▸ **DATA RECORDS**

____

(* Let $0\to R\to F\xrightarrow{\pi} L\to 0$ be a free presentation of a Lie superalgebra $L$ (so $F$ is a free Lie superalgebra and $R$ a graded ideal), and let $\bar\pi:F/[R,F]\to L$ be the induced epimorphism. Then $Z^{*}(L)=\bar\pi\big(Z(F/[R,F])\big)$.
   Context: All algebras are over a field $\mathbb{F}$ of characteristic $\neq 2,3$. A Lie superalgebra $L$ is capable if $L\cong H/Z(H)$ for some Lie superalgebra $H$. The epicenter $Z^{*}(L)$ is the smallest graded ideal $I$ of $L$ such that $L/I$ is capable. *)

From HB Require Import structures.
From mathcomp Require Import all_boot all_order all_algebra.
Set Implicit Arguments. Unset Strict Implicit. Unset Printing Implicit Defensive.
Import GRing.Theory.
Local Open Scope ring_scope.

(* sign (-1)^{p q} for parities p q (true = odd) *)
Definition psign (K : fieldType) (p q : bool) : K := if p && q then -1 else 1.

Definition homog (V : Type) (ev od : V -> Prop) (p : bool) (x : V) : Prop :=
  if p then od x else ev x.

HB.mixin Record isLieSuper (K : fieldType) V of GRing.Lmodule K V := {
  lbr : V -> V -> V;
  sev : V -> Prop;
  sod : V -> Prop;
  sev0 : sev 0;
  sevD : forall x y, sev x -> sev y -> sev (x + y);
  sevZ : forall (a : K) x, sev x -> sev (a *: x);
  sod0 : sod 0;
  sodD : forall x y, sod x -> sod y -> sod (x + y);
  sodZ : forall (a : K) x, sod x -> sod (a *: x);
  sdecomp : forall x, exists a b, sev a /\ sod b /\ x = a + b;
  sdirect : forall x, sev x -> sod x -> x = 0;
  lbr_linl : forall (a : K) x y z, lbr (a *: x + y) z = a *: lbr x z + lbr y z;
  lbr_linr : forall (a : K) x y z, lbr z (a *: x + y) = a *: lbr z x + lbr z y;
  lbr_graded : forall (p q : bool) x y,
    homog sev sod p x -> homog sev sod q y -> homog sev sod (addb p q) (lbr x y);
  lbr_santi : forall (p q : bool) x y,
    homog sev sod p x -> homog sev sod q y ->
    lbr x y = - (psign K p q *: lbr y x);
  lbr_sjacobi : forall (p q r : bool) x y z,
    homog sev sod p x -> homog sev sod q y -> homog sev sod r z ->
    psign K p r *: lbr x (lbr y z) + psign K q p *: lbr y (lbr z x)
      + psign K r q *: lbr z (lbr x y) = 0
}.

#[short(type="lieSuperType")]
HB.structure Definition LieSuper (K : fieldType) :=
  { V of isLieSuper K V & GRing.Lmodule K V }.

Section Defs.
Variable K : fieldType.

Definition is_lshom (L M : lieSuperType K) (f : L -> M) : Prop :=
  (forall (a : K) x y, f (a *: x + y) = a *: f x + f y) /\
  (forall x, sev x -> sev (f x)) /\ (forall x, sod x -> sod (f x)) /\
  (forall x y, f (lbr x y) = lbr (f x) (f y)).

Definition surj (A B : Type) (f : A -> B) : Prop := forall b, exists a, f a = b.

Definition lcenter (H : lieSuperType K) (x : H) : Prop := forall y : H, lbr x y = 0.

Definition graded_ideal (L : lieSuperType K) (I : L -> Prop) : Prop :=
  I 0 /\ (forall x y, I x -> I y -> I (x + y)) /\
  (forall (a : K) x, I x -> I (a *: x)) /\
  (forall x, I x -> exists a b, sev a /\ sod b /\ I a /\ I b /\ x = a + b) /\
  (forall x y, I x -> I (lbr x y) /\ I (lbr y x)).

(* L is capable: L ≅ H / Z(H), i.e. there is a surjective homomorphism
   H -> L whose kernel is Z(H) *)
Definition capable (L : lieSuperType K) : Prop :=
  exists (H : lieSuperType K) (f : H -> L),
    is_lshom f /\ surj f /\ (forall h, f h = 0 <-> lcenter h).
Lemma quad_singvals_bounds n (S Sig : 'M[R]_n.+1) (s : 'rV[R]_n.+1)
    (x : 'cV[R]_n.+1) :
  S^T = S -> S \in unitmx -> S *m S = Sig -> singvals Sig s ->
  s 0 ord_max * sqnorm x <= (x^T *m Sig *m x) 0 0 <= s 0 ord0 * sqnorm x.
Proof.
move=> ST S_unit SS sv; have [_ [? [? [_ _ s_ge0 _]]]] := sv.
apply/andP; split; last first.
  by apply: quad_le_sqnorm => // z; case/andP: (singvals_sqnorm_bounds z sv).
have quadE : (x^T *m Sig *m x) 0 0 = sqnorm (S *m x).
  by rewrite /sqnorm trmx_mul ST -SS !mulmxA.
case: (ltrgt0P (s 0 ord_max)) (s_ge0 ord_max) => [mu_gt0|//|->] _; last first.
  by rewrite mul0r quadE sqnorm_ge0.
(* Bound [|x|^2] through the quadratic form of [Sig^-1], whose norm is at most [mu^-1]. *)
set mu := s 0 ord_max.
have SigSiSi : Sig *m (invmx S *m invmx S) = 1%:M.
  by rewrite -SS mulmxA -(mulmxA S) mulmxV // mulmx1 mulmxV.
have SiSi_le z : sqnorm (invmx S *m invmx S *m z) <= mu^-1 ^+ 2 * sqnorm z.
  have /andP[+ _] := singvals_sqnorm_bounds (invmx S *m invmx S *m z) sv.
  by rewrite mulmxA SigSiSi mul1mx exprVn ler_pdivlMl // exprn_gt0.
have := quad_le_sqnorm (ltW (_ : 0 < mu^-1)) SiSi_le (S *m x).
have -> : (S *m x)^T *m (invmx S *m invmx S) *m (S *m x) = x^T *m x.
  rewrite trmx_mul ST -!mulmxA (mulmxA (invmx S) S) mulVmx // mul1mx.
  by rewrite (mulmxA S) mulmxV // mul1mx.
by rewrite invr_gt0 -quadE ler_pdivlMl // => /(_ mu_gt0).
Qed.

End SingularValues.

Section WeightedNorm.
Variable R : realType.
Implicit Types (m n : nat).

Lemma posdef_unitmx n (S : 'M[R]_n) : posdef S -> S \in unitmx.
Proof.
case=> _ S_pos; rewrite unitmxE unitfE; apply/negP => /det0P [v v_neq0 vS0].
have : v^T != 0 by rewrite -(inj_eq (@trmx_inj _ _ _)) trmxK trmx0.
by move/S_pos; rewrite trmxK vS0 mul0mx mxE ltxx.
Qed.

Lemma Pnorm_le_mxtrace m n (P Q : 'M[R]_m) (X Z : 'M[R]_(m, n)) :
  P = Q^T *m Q -> Pnorm P X <= Pnorm P Z ->
  \tr (X^T *m P *m X) <= \tr (Z^T *m P *m Z).
Proof.
move=> ->; rewrite /Pnorm ler_sqrt //.
by rewrite mulmxA -trmx_mul -mulmxA mxtrace_tr_mul_ge0.
Qed.

End WeightedNorm.

Section FirstOrderCondition.
Variable R : realFieldType.
Implicit Types (m n : nat).
(* Let $\alpha_1,\alpha_2\ge0$ with $\alpha_1+\alpha_2=1$ and $\alpha_2\ge\alpha_1$. Consider problem (P3): maximize $r$ over $(r,r_1,r_2,x,p_1,p_2)$ with $x\in\mathbb{R}$, subject to $r_k\ge\alpha_kr$ for $k=1,2$, $(r_1,r_2)\in\mathcal{C}_{\rm MAC}(x,p_1,p_2)$, $p_1+p_2\le\bar P$, $p_1,p_2\ge0$. Then there always exists an optimal UAV hovering location $x^*$ for (P3) with $0\le x^*\le D/2$.
   Context: Fix $D>0$, $H>0$, $\beta_0>0$, $\bar P>0$. Ground users GU 1, GU 2 are at horizontal positions $x_1=-D/2$, $x_2=D/2$; for a fixed UAV horizontal position $x$ (altitude $H$), $h_k(x)=\beta_0/((x-x_k)^2+H^2)$. For $p_1,p_2\ge0$, $\mathcal{C}_{\rm MAC}(x,p_1,p_2)$ is the set of $(r_1,r_2)$ with $r_1,r_2\ge0$, $r_1\le\log_2(1+p_1h_1(x))$, $r_2\le\log_2(1+p_2h_2(x))$, $r_1+r_2\le\log_2(1+p_1h_1(x)+p_2h_2(x))$. *)

From Stdlib Require Import Reals.
Open Scope R_scope.

Definition log2 (y : R) : R := ln y / ln 2.

(* Channel power gain from UAV at horizontal position x (altitude H) to the
   ground user located at horizontal position xk. *)
Definition gain (beta0 H xk x : R) : R := beta0 / ((x - xk) ^ 2 + H ^ 2).

Definition h1 (D H beta0 x : R) : R := gain beta0 H (- D / 2) x.
Definition h2 (D H beta0 x : R) : R := gain beta0 H (D / 2) x.

Definition C_MAC (D H beta0 x p1 p2 r1 r2 : R) : Prop :=
  0 <= r1 /\ 0 <= r2 /\
  r1 <= log2 (1 + p1 * h1 D H beta0 x) /\
  r2 <= log2 (1 + p2 * h2 D H beta0 x) /\
  r1 + r2 <= log2 (1 + p1 * h1 D H beta0 x + p2 * h2 D H beta0 x).

Definition P3_feasible (D H beta0 Pbar a1 a2 : R) (r r1 r2 x p1 p2 : R) : Prop :=
  r1 >= a1 * r /\ r2 >= a2 * r /\
  C_MAC D H beta0 x p1 p2 r1 r2 /\
  p1 + p2 <= Pbar /\ 0 <= p1 /\ 0 <= p2.

Definition P3_optimal (D H beta0 Pbar a1 a2 : R) (r r1 r2 x p1 p2 : R) : Prop :=
  P3_feasible D H beta0 Pbar a1 a2 r r1 r2 x p1 p2 /\
  forall r' r1' r2' x' p1' p2',
    P3_feasible D H beta0 Pbar a1 a2 r' r1' r2' x' p1' p2' -> r' <= r.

____

▸ **EXERCISE DETAILS**
Retype the listing above, word for word, from its first line to the line containing "sdecomp : forall", both ends included.

▸ **OUTPUT OF THE TASK**
(* Let $0\to R\to F\xrightarrow{\pi} L\to 0$ be a free presentation of a Lie superalgebra $L$ (so $F$ is a free Lie superalgebra and $R$ a graded ideal), and let $\bar\pi:F/[R,F]\to L$ be the induced epimorphism. Then $Z^{*}(L)=\bar\pi\big(Z(F/[R,F])\big)$.
   Context: All algebras are over a field $\mathbb{F}$ of characteristic $\neq 2,3$. A Lie superalgebra $L$ is capable if $L\cong H/Z(H)$ for some Lie superalgebra $H$. The epicenter $Z^{*}(L)$ is the smallest graded ideal $I$ of $L$ such that $L/I$ is capable. *)

From HB Require Import structures.
From mathcomp Require Import all_boot all_order all_algebra.
Set Implicit Arguments. Unset Strict Implicit. Unset Printing Implicit Defensive.
Import GRing.Theory.
Local Open Scope ring_scope.

(* sign (-1)^{p q} for parities p q (true = odd) *)
Definition psign (K : fieldType) (p q : bool) : K := if p && q then -1 else 1.

Definition homog (V : Type) (ev od : V -> Prop) (p : bool) (x : V) : Prop :=
  if p then od x else ev x.

HB.mixin Record isLieSuper (K : fieldType) V of GRing.Lmodule K V := {
  lbr : V -> V -> V;
  sev : V -> Prop;
  sod : V -> Prop;
  sev0 : sev 0;
  sevD : forall x y, sev x -> sev y -> sev (x + y);
  sevZ : forall (a : K) x, sev x -> sev (a *: x);
  sod0 : sod 0;
  sodD : forall x y, sod x -> sod y -> sod (x + y);
  sodZ : forall (a : K) x, sod x -> sod (a *: x);
  sdecomp : forall x, exists a b, sev a /\ sod b /\ x = a + b;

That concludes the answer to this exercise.